You are viewing a free preview of this lesson.
Subscribe to unlock all 10 lessons in this course and every other course on LearningBro.
The distribution of domestic labour — housework, childcare, and emotional work — within the family is one of the most fiercely contested questions in the sociology of the family, and one of the most reliably examined. The headline finding is striking in its persistence: despite decades of rising female employment, expanding equality legislation and a transformed culture of gender, research consistently shows that women continue to perform more unpaid work in the home than men, even when both partners work full-time. This lesson examines why that inequality persists, how sociologists have measured it, and whether the family is genuinely moving towards equality or merely towards a more egalitarian appearance. The debate is never purely descriptive: how you measure domestic labour, and what you count as "work", determines what you find — which makes this a methods question as much as a substantive one. For AQA A-Level Sociology (7192) the topic rewards candidates who can stage a genuine argument between optimists and pessimists rather than simply listing studies.
Key Definition: The domestic division of labour refers to the way tasks within the household — paid work, housework, childcare and emotional work — are allocated between household members, and the relative power each member holds over decisions and resources. Sociologists ask not only who does what, but who decides, who controls the money, and whose work is recognised.
This lesson addresses the AQA A-Level Sociology (7192) Paper 2, Section A — Families and Households content:
You should be able to describe (AO1) the instrumental/expressive model, the symmetrical-family thesis, the triple shift, money-management types and the patriarchal account of domestic violence; apply (AO2) these to an Item; and evaluate (AO3) the optimist/pessimist debate using methodological critique of how domestic labour is measured. This content supplies both the 10-mark "applying material from the Item, analyse two…" question and the 20-mark "evaluate…" essay.

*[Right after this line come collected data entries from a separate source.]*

(* In the standing setting, let $((\psi_n,\alpha_n):n\ge1)$ be a sequence of elements of $\mathcal{A}\times\mathcal{B}$, and for each $n$ fix a lifting $\psi_n^\uparrow$ of $\psi_n$. Set $\circ_0=\cdot$ and, recursively for $n\ge1$, $$g\circ_n h=g\circ_{n-1}\psi_n^{\uparrow}(g)\circ_{n-1}h\circ_{n-1}\overline{\psi_n^{\uparrow}(g)}\circ_{n-1}\alpha_n(g,h),$$ where $\overline{z}$ denotes the inverse of $z$ with respect to $\circ_{n-1}$. Let $\xi_n=\sum_{\emptyset\ne S\subseteq\{1,\dots,n\}}\prod_{j\in S}\psi_j\in\mathcal{A}$ (ring operations of $\mathcal{A}$, each product taken in increasing order of the indices, e.g. $\psi_1\psi_2$ means $\psi_1\circ\psi_2$), so that $\xi_1=\psi_1$ and $\xi_n=\xi_{n-1}+\psi_n+\xi_{n-1}\psi_n$; and let $q_n$ be a lifting of $\xi_n$ (for instance $q_n=\sum_{\emptyset\ne S}\prod_{j\in S}\psi_j^\uparrow$ with pointwise products and compositions of maps). Then for every $n\ge1$ each $\circ_n$ is a well-defined group operation on $G$ and there exists $\beta_n\in\mathcal{B}$ such that for all $g,h\in G$ $$g\circ_n h=g\cdot q_n(g)\cdot h\cdot q_n(g)^{-1}\cdot\beta_n(g,h),$$ i.e. $\circ_n=\circ_{\xi_n,\beta_n}$. In particular $(G,\cdot,\circ_n)$ is a bi-skew brace for all $n\ge 1$.
   Context: Standing setting: $(G,\cdot)$ is a group, $K$ is a subgroup of $G$ contained in the centre $Z(G)$, and $A$ is a subgroup with $K\le A\le G$ and $A/K$ abelian. Let $\mathcal{A}=\{\psi\in\operatorname{End}(G/K):\psi(G/K)\le A/K\}$; it is a ring with $(\psi+\phi)(x)=\psi(x)\phi(x)$ and $(\psi\phi)(x)=\psi(\phi(x))$. A lifting of $\psi\in\mathcal{A}$ is any set map $\psi^{\uparrow}:G\to A$ with $\psi^{\uparrow}(g)K=\psi(gK)$ for all $g\in G$. Let $\mathcal{B}$ be the set of maps $\alpha:G\times G\to K$ that are bilinear, i.e. $\alpha(gh,k)=\alpha(g,k)\alpha(h,k)$ and $\alpha(g,hk)=\alpha(g,h)\alpha(g,k)$, and satisfy $\alpha(k,g)=\alpha(g,k)=1$ for all $k\in K$, $g\in G$. For $(\psi,\alpha)\in\mathcal{A}\times\mathcal{B}$ define $g\circ_{\psi,\alpha}h=g\cdot\psi^{\uparrow}(g)\cdot h\cdot\psi^{\uparrow}(g)^{-1}\cdot\alpha(g,h)$ (independent of the lifting). A skew brace is a triple $(G,\cdot,\circ)$ where $(G,\cdot)$ and $(G,\circ)$ are groups and $g\circ(h\cdot k)=(g\circ h)\cdot g^{-1}\cdot(g\circ k)$ for all $g,h,k$. A bi-skew brace is a triple $(G,\cdot,\circ)$ such that both $(G,\cdot,\circ)$ and $(G,\circ,\cdot)$ are skew braces. *)

From Stdlib Require Import List ClassicalEpsilon.
Import ListNotations.
Set Implicit Arguments.
(* Let $S\subset\mathbb{R}^2$ be a finite point set and $I=\{p_1,\dots,p_n\}$ a finite point set disjoint from $S$, with $S\cup I$ in general position. Let $R\subseteq S$ be any subset containing every $q\in S$ such that some $p_i\in I$ conflicts (with respect to $S$) with $V_q(S)$. Let $U_R$ be the set of Voronoi edge bends and Voronoi vertices of $\mathrm{Vor}_Q(R)$ that conflict (with respect to $R$) with at least one of $p_1,\dots,p_n$, and for each $i$ let $V_S|_{p_i}$ be the set of Voronoi edge bends and Voronoi vertices of $\mathrm{Vor}_Q(S)$ that conflict (with respect to $S$) with $p_i$. Then $U_R\subseteq\bigcup_{i=1}^n V_S|_{p_i}$.
   Context: Let $Q\subset\mathbb{R}^2$ be a convex polygon with a constant number of vertices containing the origin in its interior; $d_Q(x,y)=\min\{\lambda\ge 0: y\in\lambda Q+x\}$; $Q^*=\{-x:x\in Q\}$. For a finite set $Y$ and $p\in Y$, $V_p(Y)=\{x: d_Q(p,x)\le d_Q(q,x)\ \forall q\in Y\}$ and $\mathrm{Vor}_Q(Y)$ is the resulting subdivision. Voronoi edges are polygonal curves; their interior vertices are Voronoi edge bends. For $x\in\mathbb{R}^2$, the largest homothetic copy $\lambda Q^*+x$ ($\lambda\ge0$) of $Q^*$ centered at $x$ whose interior avoids $Y$ is denoted $Q^*_x$ (w.r.t. $Y$); a point $p$ conflicts with $x$ w.r.t. $Y$ if $p\in Q^*_x$, and conflicts with a set if it conflicts with some point of it. General position means: no two sides of $Q$ are parallel; no line through two of the points is parallel to a side of $Q$; no four points lie on the boundary of a homothetic copy of $Q^*$. *)

From Stdlib Require Import Reals List.
From Coquelicot Require Import Rbar Lub.
Open Scope R_scope.
(* Let $h>0$ and let $(\tau,\mu):\mathbb R\to\mathbb R^2$ be any solution of the system $\tau'=1+K(\tau,\mu)\mu$, $\mu'=-K(\tau,\mu)\tau$. Then there is a compact interval $[A,B]\subset\mathbb R$ such that $\mu\neq0$ outside $[A,B]$ and the function $\nu=-\tau/\mu$ is bounded on $\mathbb R\setminus[A,B]$.
   Context: Fix $h>0$. For $(\tau,\mu)\in\mathbb R^2$ put $r^2=\tau^2+\mu^2$ and define $K:\mathbb R^2\to\mathbb R$ by $$K(\tau,\mu)=\frac{2\big(\tau^2+h^2(1+\mu^2)\big)\tau+(h^2-1)(1+\mu^2)\mu}{(1+r^2)(h^2+r^2)}.$$ Consider the autonomous ODE system $\tau'=1+K(\tau,\mu)\mu$, $\mu'=-K(\tau,\mu)\tau$ for functions $s\mapsto(\tau(s),\mu(s))$; all its solutions are defined on $\mathbb R$. *)

From Stdlib Require Import Reals.
Open Scope R_scope.

Definition Kfun (h tau mu : R) : R :=
  let r2 := tau ^ 2 + mu ^ 2 in
  (2 * (tau ^ 2 + h ^ 2 * (1 + mu ^ 2)) * tau + (h ^ 2 - 1) * (1 + mu ^ 2) * mu)
  / ((1 + r2) * (h ^ 2 + r2)).

(* G = mu * sqrt ((1 + r^2) / ((1 + mu^2) (h^2 + r^2))), with r^2 = tau^2 + mu^2, is
   nonincreasing along every solution.  Hence once mu < 0 it stays negative and bounded away
   from 0, and the slope tau / mu, whose derivative has the sign of an explicit polynomial,
   is then trapped between two barriers forever after.  Every solution does reach mu < 0: if
   mu >= 0 throughout, then mu > 0, and either the slope stays <= -1/2, so that
   tau - k (tau^2 + mu^2) grows linearly while staying nonpositive, or it rises above -1/2,
   after which it grows logarithmically past 1 + 1/h^2, where K >= 0 and K tau >= 1/4 push
   mu below 0.  The symmetry (tau, mu)(s) -> (-tau, -mu)(-s) of the system handles
   s -> -oo. *)

From Stdlib Require Import Reals Lra Psatz Classical.
Open Scope R_scope.

Section DerivativeRules.

Variables (f g : R -> R) (x a b : R).
Hypotheses (df : derivable_pt_lim f x a) (dg : derivable_pt_lim g x b).

Lemma deriv_plus : derivable_pt_lim (fun t => f t + g t) x (a + b).
Proof. exact (derivable_pt_lim_plus f g x a b df dg). Qed.

Lemma deriv_minus : derivable_pt_lim (fun t => f t - g t) x (a - b).
Proof. exact (derivable_pt_lim_minus f g x a b df dg). Qed.

Lemma deriv_mult : derivable_pt_lim (fun t => f t * g t) x (a * g x + f x * b).
Proof. exact (derivable_pt_lim_mult f g x a b df dg). Qed.

Lemma deriv_scal (c : R) : derivable_pt_lim (fun t => c * f t) x (c * a).
Proof. exact (derivable_pt_lim_scal f c x a df). Qed.

Lemma deriv_div : g x <> 0 ->
  derivable_pt_lim (fun t => f t / g t) x ((a * g x - b * f x) / g x ^ 2).
Proof.
  intros gx. replace (g x ^ 2) with (Rsqr (g x)) by (unfold Rsqr; ring).
  exact (derivable_pt_lim_div f g x a b df dg gx).
Qed.

Lemma deriv_sqr : derivable_pt_lim (fun t => f t ^ 2) x (2 * f x * a).
Proof.
  replace (2 * f x * a) with (INR 2 * f x ^ Init.Nat.pred 2 * a) by (simpl; ring).
  exact (derivable_pt_lim_comp f (fun y => y ^ 2) x a _ df (derivable_pt_lim_pow _ 2)).
Qed.

Lemma deriv_sqrt : 0 < f x ->
  derivable_pt_lim (fun t => sqrt (f t)) x (a / (2 * sqrt (f x))).
Proof.
  intros fx. replace (a / (2 * sqrt (f x))) with (/ (2 * sqrt (f x)) * a) by (unfold Rdiv; ring).
  exact (derivable_pt_lim_comp f sqrt x a _ df (derivable_pt_lim_sqrt _ fx)).
Qed.

Lemma deriv_ln : 0 < f x -> derivable_pt_lim (fun t => ln (f t)) x (a / f x).
Proof.
  intros fx. replace (a / f x) with (/ f x * a) by (unfold Rdiv; ring).
  exact (derivable_pt_lim_comp f ln x a _ df (derivable_pt_lim_ln _ fx)).
Qed.

End DerivativeRules.

Lemma deriv_eq (f : R -> R) x a b : derivable_pt_lim f x a -> a = b -> derivable_pt_lim f x b.
Proof. now intros H <-. Qed.

Lemma deriv_reflect (f : R -> R) x a :
  derivable_pt_lim f (- x) a -> derivable_pt_lim (fun t => - f (- t)) x a.
Proof.
  intros df. replace a with (- (a * -1)) by ring.
  apply (derivable_pt_lim_opp (fun t => f (- t))).
  apply (derivable_pt_lim_comp Ropp f x (-1) a); [|exact df].
  apply (deriv_eq _ _ (- 1)); [|ring].
  apply (derivable_pt_lim_opp id), derivable_pt_lim_id.
Qed.

Lemma derivable_pt_lim_locally_const (f : R -> R) x l a b c :
  a < x < b -> (forall z, a < z < b -> f z = c) -> derivable_pt_lim f x l -> l = 0.
Proof.
  intros hx hf df.
  apply (uniqueness_limite f x); [exact df|].
  apply (derivable_pt_lim_locally_ext (fun _ => c) f x a b 0 hx).
  - intros z hz. now rewrite hf.
  - apply derivable_pt_lim_const.
Qed.

Lemma derivable_pt_lim_pos_right (g : R -> R) c l d :
  derivable_pt_lim g c l -> 0 < l -> 0 < d -> exists t, c < t < c + d /\ g c < g t.
Proof.
  intros dg hl hd.
  destruct (dg (l / 2) ltac:(lra)) as [del hdel]. pose proof (cond_pos del).
  set (e := Rmin (del / 2) (d / 2)).
  assert (0 < e) by (apply Rmin_pos; lra).
  assert (e <= del / 2) by apply Rmin_l. assert (e <= d / 2) by apply Rmin_r.
  specialize (hdel e ltac:(lra) ltac:(rewrite Rabs_pos_eq; lra)).
  apply Rabs_def2 in hdel.
  exists (c + e). split; [lra|].
  assert (E : g (c + e) - g c = (g (c + e) - g c) / e * e) by (field; lra).
  nra.
Qed.

Lemma derivable_pt_lim_cont_eps (g : R -> R) c l : derivable_pt_lim g c l ->
  forall eps, 0 < eps -> exists del, 0 < del /\
    forall t, Rabs (t - c) < del -> Rabs (g t - g c) < eps.
Proof.
  intros dg eps heps.
  assert (hc : continuity_pt g c) by (apply derivable_continuous_pt; now exists l).
  destruct (hc eps heps) as [del [hdel hg]].
  exists del. split; [exact hdel|]. intros t ht.
  destruct (Req_dec t c) as [->|hne].
  - now rewrite Rminus_diag, Rabs_R0.
  - apply (hg t). split; [split; [exact I|auto]|exact ht].
Qed.

Lemma last_crossing (g g' : R -> R) a b L : a < b ->
  (forall t, a <= t <= b -> derivable_pt_lim g t (g' t)) -> L <= g a -> g b < L ->
  exists c, a <= c < b /\ g c = L /\ forall t, c < t <= b -> g t < L.
Proof.
  intros hab dg ha hb.
  set (E := fun t => a <= t <= b /\ L <= g t).
  destruct (completeness E) as [c [hub hlub]].
  { exists b. now intros t [[_ ?] _]. }
  { exists a. unfold E; lra. }
  assert (hac : a <= c) by (apply hub; unfold E; lra).
  assert (hcb : c <= b) by (apply hlub; now intros t [[_ ?] _]).
  assert (hge : L <= g c).
  { apply Rnot_lt_le. intros hlt.
    destruct (derivable_pt_lim_cont_eps g c _ (dg c ltac:(lra)) (L - g c) ltac:(lra))
      as [del [hdel hc]].
    enough (c <= c - del / 2) by lra.
    apply hlub. intros t [ht hLt].
    apply Rnot_lt_le. intros hlt'.
    assert (t <= c) by (apply hub; split; assumption).
    specialize (hc t ltac:(rewrite Rabs_left1; lra)). apply Rabs_def2 in hc. lra. }
  assert (hcb' : c < b) by (destruct (Req_dec c b); subst; lra).
  assert (hle : g c <= L).
  { apply Rnot_lt_le. intros hlt.
    destruct (derivable_pt_lim_cont_eps g c _ (dg c ltac:(lra)) (g c - L) ltac:(lra))
      as [del [hdel hc]].
    set (t := Rmin (c + del / 2) b).
    assert (t <= b) by apply Rmin_r. assert (t <= c + del / 2) by apply Rmin_l.
    assert (c < t) by (apply Rmin_glb_lt; lra).
    enough (t <= c) by lra.
    apply hub. split; [lra|].
    specialize (hc t ltac:(rewrite Rabs_pos_eq; lra)). apply Rabs_def2 in hc. lra. }
  exists c. split; [lra|]. split; [lra|].
  intros t ht. apply Rnot_le_lt. intros hLt.
  assert (t <= c) by (apply hub; unfold E; split; [lra|exact hLt]). lra.
Qed.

As discussed in the functionalist lesson, Talcott Parsons (1955) argued that within the nuclear family, men and women adopt complementary roles which he grounded, controversially, in biology:
| Role | Performed by | Function |
|---|---|---|
| Instrumental | Husband/father | Breadwinner; provides financially; links the family to the wider economy through paid work |
| Expressive | Wife/mother | Homemaker; provides emotional warmth; nurtures children; performs the "warm bath" stabilisation of adult personalities |
Parsons saw this as a functional arrangement — each partner specialises in what he claimed they were "naturally" suited to, maximising the efficiency and stability of the family unit. The instrumental husband is restored each evening by the expressive wife, and the children are reliably socialised. For Parsons the arrangement is not a relationship of dominance but a division of labour analogous to specialisation in a factory.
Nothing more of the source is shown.